(* A sequence (indexed from 1) whose value changes from position j to j + 1
   exactly when s divides j is s-simple: it is constant on each block, and a
   longer block would contain the jump after position s. *)
Lemma s_simple_of_jumps (T : eqType) (a : nat -> T) s : 2 <= s ->
  (forall j, 0 < j -> (a j.+1 == a j) = ~~ (s %| j)) -> s_simple a s.
Proof.
move=> s_ge2 jumps.
have s_gt0 : 0 < s by apply: leq_trans s_ge2.
have in_block t i : i < s -> a (s * t + i.+1) = a (s * t + 1).
  elim: i => [// | i IH] lt_is.
  rewrite -IH ?(ltnW lt_is) //; apply/eqP.
  rewrite (addnS (s * t) i.+1) jumps ?addn_gt0 ?orbT //.
  by rewrite dvdn_addr ?dvdn_mulr // gtnNdvd.
split.
  split => // t j /andP [j_gt0 le_js].
  by rewrite -(prednK j_gt0) in_block // prednK.
move=> s' [_ block'].
rewrite leqNgt; apply/negP => lt_ss'.
have first_block j : 0 < j <= s' -> a j = a 1.
  by move=> j_in; have := block' 0 j j_in; rewrite muln0 !add0n.
have no_jump : a s.+1 = a s by rewrite !first_block // ?s_gt0 ?lt_ss' // ltnW.
by move: (jumps s s_gt0); rewrite no_jump eqxx dvdnn.
Qed.

Lemma nu2_A_jump l j : 0 < l -> 0 < j ->
  (nu2 (A l (l + j.+1 - 1)) == nu2 (A l (l + j - 1))) = ~~ (2 ^ (1 + logn 2 l) %| j).
Proof.
move=> l_gt0 /prednK <-; set n := j.-1.
rewrite (_ : l + n.+2 - 1 = l + n.+1); last by lia.
rewrite (_ : l + n.+1 - 1 = l + n); last by lia.
rewrite !nu2_A eqz_nat eqn_add2l logn2_ffact_shift ?muln_gt0 //.
by rewrite logn2_double.
Qed.

Theorem mainTheorem11 (l : nat) (hl : (1 <= l)%N) :
  s_simple (fun j : nat => nu2 (A l (l + j - 1))) (2 ^ (1 + logn 2 l)).
Proof.
apply: s_simple_of_jumps => [|j j_gt0]; first by rewrite expnS leq_pmulr ?expn_gt0.
exact: nu2_A_jump.
Qed.
(* For all $\mathfrak a\in I_K$ and all $b\in\mathbb N$ we have $R_b(\mathfrak a^2,1)\neq\emptyset$.
   Context: Let $K$ be a real quadratic number field with odd discriminant $D$, ring of integers $\mathcal O_K$, conjugation $x\mapsto x'$, norm $N(x)=xx'$. Let $I_K$ be the group of nonzero fractional ideals and $N(\mathfrak a)\in\mathbb Q_{>0}$ the absolute norm of $\mathfrak a\in I_K$ (multiplicative, with $N(x\mathcal O_K)=|N(x)|$). For $b\in\mathbb N$, $\mathfrak a\in I_K$, $m\in\mathbb Z$ let $R_b(\mathfrak a,m)=\{\lambda\in\mathfrak a/b\mathfrak a : N(\lambda)/N(\mathfrak a)\equiv m\pmod b\}$ (well defined since $N(\lambda)/N(\mathfrak a)\in\mathbb Z$ for $\lambda\in\mathfrak a$ and its class mod $b$ depends only on $\lambda$ mod $b\mathfrak a$). *)

(* Concrete model of the real quadratic field K of odd
   discriminant D (D > 1, D = 1 mod 4, D squarefree):
   an element x : K is a pair of rationals (x.1, x.2) standing for
   x.1 + x.2 * w, where w = (1 + sqrt D)/2, so O_K = Z + Z w and
   w^2 = w + (D-1)/4. *)
From mathcomp Require Import all_boot all_order all_algebra.
From Stdlib Require Import ClassicalEpsilon.
Set Implicit Arguments. Unset Strict Implicit. Unset Printing Implicit Defensive.
Import Order.TTheory GRing.Theory Num.Theory.
Local Open Scope ring_scope.

Definition squarefree_int (D : int) : Prop :=
  forall p : nat, prime p -> ~~ ((p * p)%:Z %| D)%Z.

Definition K : Type := (rat * rat)%type.

Definition wconst (D : int) : rat := (D%:~R - 1) / 4.

Definition Kzero : K := (0, 0).
Definition Kadd (x y : K) : K := (x.1 + y.1, x.2 + y.2).
Definition Kscale (n : int) (x : K) : K := (n%:~R * x.1, n%:~R * x.2).
Definition Kmul (D : int) (x y : K) : K :=
  (x.1 * y.1 + x.2 * y.2 * wconst D, x.1 * y.2 + x.2 * y.1 + x.2 * y.2).
(* Galois conjugation: w' = 1 - w *)
Definition Kconj (x : K) : K := (x.1 + x.2, - x.2).
(* N(x) = x x' *)
Definition Knorm (D : int) (x : K) : rat :=
  x.1 ^+ 2 + x.1 * x.2 - wconst D * x.2 ^+ 2.

Definition isint (q : rat) : bool := denq q == 1.
Definition in_OK (x : K) : bool := isint x.1 && isint x.2.

Definition frac_ideal (D : int) (A : K -> Prop) : Prop :=
  [/\ A Kzero,
      (forall x y, A x -> A y -> A (Kadd x y)),
      (forall r x, in_OK r -> A x -> A (Kmul D r x)),
      (exists x, A x /\ x <> Kzero) &
      (exists d : int, d != 0 /\ forall x, A x -> in_OK (Kscale d x))].
(* Let $\mathcal Z_\nu$ be the Zorich map described in the context and assume $\nu\lambda>1/e$. For $\delta>0$ let $C_\delta=\{x\in\mathbb R^3:x_1^2+x_2^2<\delta^2\}$. Then there exist $\delta\in(0,\lambda)$ and $c>0$ such that: (a) for every $x\in C_\delta$, $p_3(\mathcal Z_\nu(x))>p_3(x)+c$, where $p_3(x_1,x_2,x_3)=x_3$; (b) for every $x\in C_\delta$ with $(x_1,x_2)\neq(0,0)$ there is $n\in\mathbb N$ with $\mathcal Z_\nu^n(x)\notin C_\delta$.
   Context: Zorich maps. Let $Q=\{(x_1,x_2)\in\mathbb R^2:|x_1|\le1,|x_2|\le1\}$. Let $L\ge1$ and let $\mathfrak h=(\mathfrak h_1,\mathfrak h_2,\mathfrak h_3)$ be a sense-preserving $L$-bi-Lipschitz map (i.e. $|a-b|/L\le|\mathfrak h(a)-\mathfrak h(b)|\le L|a-b|$) of $Q$ onto the closed upper unit hemisphere $\{x\in\mathbb R^3:|x|=1,x_3\ge0\}$, with $\partial Q$ mapped onto the equator. Assume $\mathfrak h_1(t,t)=\mathfrak h_2(t,t)$ and $\mathfrak h_1(t,-t)=-\mathfrak h_2(t,-t)$ for $t\in[-1,1]$ (so $\mathfrak h(0,0)=(0,0,1)$). Let $\lambda\ge1$ and $h(x_1,x_2)=\lambda\mathfrak h(x_1/\lambda,x_2/\lambda)$ on $\lambda Q=[-\lambda,\lambda]^2$. For $\nu>0$ set $\mathcal Z_\nu(x_1,x_2,x_3)=\nu e^{x_3}h(x_1,x_2)$ on $\lambda Q\times\mathbb R$ (which is mapped onto $\{x_3\ge0\}$), and extend $\mathcal Z_\nu$ to $\mathbb R^3$ by repeated reflection: in the domain across the faces $x_1=(2k+1)\lambda$, $x_2=(2k+1)\lambda$ ($k\in\mathbb Z$) of the beams, and in the range across the plane $x_3=0$. *)

From Stdlib Require Import Reals ZArith.
Open Scope R_scope.
Lemma finsupp_mul (h1 h2 : Zk k -> G) (m : Zk k) :
  finsupp h1 -> finsupp h2 -> finsupp (fun y => h1 y + h2 (y - m)).
Proof.
move=> [s1 H1] [s2 H2]; exists (s1 ++ map (fun z => z + m) s2) => x Hx.
rewrite mem_cat; case E1: (h1 x == 0).
  move/eqP: E1 => E1; move: Hx; rewrite E1 add0r => /H2 Hm.
  apply/orP; right; apply/mapP; exists (x - m) => //; by rewrite subrK.
by move/negbT: E1 => /H1 ->.
Qed.

Lemma finsupp_inv (h : Zk k -> G) (m : Zk k) :
  finsupp h -> finsupp (fun y => - h (y + m)).
Proof.
move=> [s H]; exists (map (fun z => z - m) s) => x; rewrite oppr_eq0 => /H Hx.
by apply/mapP; exists (x + m) => //; rewrite addrK.
Qed.

Lemma finsupp0 : finsupp (fun _ : Zk k => (0 : G)).
Proof. by exists [::] => x; rewrite eqxx. Qed.

(* (h1, m1) (h2, m2) = (h1 + alpha(m1) h2, m1 + m2) *)
Definition wr_mul (a b : wreath G k) : wreath G k :=
  @Wr G k _ (pos a + pos b) (finsupp_mul (pos a) (lampP a) (lampP b)).

Definition wr_one : wreath G k := @Wr G k _ 0 finsupp0.

Definition wr_inv (a : wreath G k) : wreath G k :=
  @Wr G k _ (- pos a) (finsupp_inv (pos a) (lampP a)).

Definition wr_sigma (a : wreath G k) : wreath G k := @Wr G k _ 0 (lampP a).

Definition wr_Zk (m : Zk k) : wreath G k := @Wr G k _ m finsupp0.

Definition is_aut (phi : wreath G k -> wreath G k) : Prop :=
  bijective phi /\ forall a b, phi (wr_mul a b) = wr_mul (phi a) (phi b).

(* phi_1 (h m) = phi'(h) phibar(m), where phi' = phi|_Sigma and phibar is the
   automorphism induced on Gamma/Sigma = Z^k (the quotient map being [pos]). *)
Definition phi1 (phi : wreath G k -> wreath G k) (a : wreath G k) : wreath G k :=
  wr_mul (phi (wr_sigma a)) (wr_Zk (pos (phi (wr_Zk (pos a))))).

Definition twisted_conj (psi : wreath G k -> wreath G k) (x y : wreath G k) : Prop :=
  exists g, y = wr_mul (wr_mul g x) (psi (wr_inv g)).

(* R(psi) = n : there are exactly n Reidemeister classes.
   R(psi) = infinity corresponds to: no n with reid_number_is psi n. *)
Definition reid_number_is (psi : wreath G k -> wreath G k) (n : nat) : Prop :=
  exists f : 'I_n -> wreath G k,
    (forall i j, twisted_conj psi (f i) (f j) -> i = j) /\
    (forall x, exists i, twisted_conj psi x (f i)).

End Wreath.

From HB Require Import structures.
From mathcomp Require Import all_boot all_order all_algebra fingroup cyclic.
From mathcomp Require Import boolp.
Set Implicit Arguments. Unset Strict Implicit. Unset Printing Implicit Defensive.
Import Order.TTheory GRing.Theory Num.Theory.
Local Open Scope ring_scope.

(* An automorphism phi of Gamma maps the torsion subgroup Sigma into itself,
   so it induces phibar on Gamma/Sigma = Z^k, and phi g = d (pos g) * phi1 g
   where d v ([cocycle]) is the Sigma-part of phi v; d is a cocycle for the
   action of Z^k on Sigma through phibar, hence phi1 is a morphism.
   Twisted conjugation by g shifts positions by (1 - phibar) (pos g)
   ([phishift]). If 1 - phibar is not injective, its image has infinite index
   in Z^k (an integer matrix whose image has finite index has nonzero
   determinant), so neither phi nor phi1 has finitely many Reidemeister
   classes. Otherwise 1 - phibar admits a coordinate nu with
   nu (m + (1 - phibar) n) = nu m + n, and the gauge transformation
   x |-> x * d (nu (pos x)) is a bijection of Gamma carrying the phi-classes
   onto the phi1-classes. *)

Section FiniteCokernel.
Variables (k : nat) (L : {additive 'rV[int]_k -> 'rV[int]_k}).

Definition additive_mx : 'M[int]_k := \matrix_i L (delta_mx 0 i).

Lemma additive_mxE v : L v = v *m additive_mx.
Proof.
rewrite {1}(row_sum_delta v) raddf_sum mulmx_sum_row; apply: eq_bigr => i _.
by rewrite rowK -[v 0 i]intz !scaler_int raddfMz.
Qed.

Variables (n : nat) (p : 'I_n -> 'rV[int]_k).
Hypothesis cosets_cover : forall v, exists i, exists u, v = p i + L u.

Lemma multiple_in_image (i : 'I_k) :
  exists Nu : int * 'rV[int]_k, Nu.1 != 0 /\ L Nu.2 = Nu.1 *: delta_mx 0 i.
Proof.
(* pigeonhole: two of the n + 1 multiples j e_i lie in the same coset *)
have /fin_all_exists[c cP] (j : 'I_n.+1) :
    exists c, exists u, j%:Z *: delta_mx 0 i = p c + L u by exact: cosets_cover.
have /injectivePn[j1 [j2 neq_j Ec]] : ~~ injectiveb c.
  by apply/negP => /injectiveP/leq_card; rewrite !card_ord ltnn.
have [[u1 E1] [u2 E2]] := (cP j1, cP j2).
exists (j1%:Z - j2%:Z, u1 - u2); split=> /=.
  by rewrite subr_eq0; apply: contra neq_j => /eqP[/val_inj->].
by rewrite raddfB scalerBl E1 E2 Ec opprD addrACA addrN add0r.
Qed.

Lemma finite_coker_inj : injective L.
Proof.
have /fin_all_exists[Nu NuP] := multiple_in_image.
pose B : 'M[int]_k := \matrix_i (Nu i).2.
have BA : B *m additive_mx = diag_mx (\row_i (Nu i).1).
  apply/row_matrixP => i; rewrite row_mul rowK -additive_mxE row_diag_mx mxE.
  by case: (NuP i).
have detA : \det additive_mx != 0.
  have : \det (B *m additive_mx) != 0.
    by rewrite BA det_diag; apply/prodf_neq0 => i _; rewrite mxE; case: (NuP i).
  by rewrite det_mulmx mulf_eq0 negb_or => /andP[].
apply: raddf_inj => v; rewrite additive_mxE => Av0.
have : v *m (additive_mx *m \adj additive_mx) = 0 by rewrite mulmxA Av0 mul0mx.
rewrite mul_mx_adj mul_mx_scalar => /eqP; rewrite scalemx_eq0.
by rewrite (negbTE detA) => /eqP.
Qed.

End FiniteCokernel.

• WORK REQUIRED
Retype exactly, and only, the lines above from the one where "Open Scope R_scope." occurs up to and including the one where "Definition wr_one : wreath" occurs.

• TASK RESPONSE
Open Scope R_scope.
Lemma finsupp_mul (h1 h2 : Zk k -> G) (m : Zk k) :
  finsupp h1 -> finsupp h2 -> finsupp (fun y => h1 y + h2 (y - m)).
Proof.
move=> [s1 H1] [s2 H2]; exists (s1 ++ map (fun z => z + m) s2) => x Hx.
rewrite mem_cat; case E1: (h1 x == 0).
  move/eqP: E1 => E1; move: Hx; rewrite E1 add0r => /H2 Hm.
  apply/orP; right; apply/mapP; exists (x - m) => //; by rewrite subrK.
by move/negbT: E1 => /H1 ->.
Qed.

Lemma finsupp_inv (h : Zk k -> G) (m : Zk k) :
  finsupp h -> finsupp (fun y => - h (y + m)).
Proof.
move=> [s H]; exists (map (fun z => z - m) s) => x; rewrite oppr_eq0 => /H Hx.
by apply/mapP; exists (x + m) => //; rewrite addrK.
Qed.

Lemma finsupp0 : finsupp (fun _ : Zk k => (0 : G)).
Proof. by exists [::] => x; rewrite eqxx. Qed.

(* (h1, m1) (h2, m2) = (h1 + alpha(m1) h2, m1 + m2) *)
Definition wr_mul (a b : wreath G k) : wreath G k :=
  @Wr G k _ (pos a + pos b) (finsupp_mul (pos a) (lampP a) (lampP b)).

Definition wr_one : wreath G k := @Wr G k _ 0 finsupp0.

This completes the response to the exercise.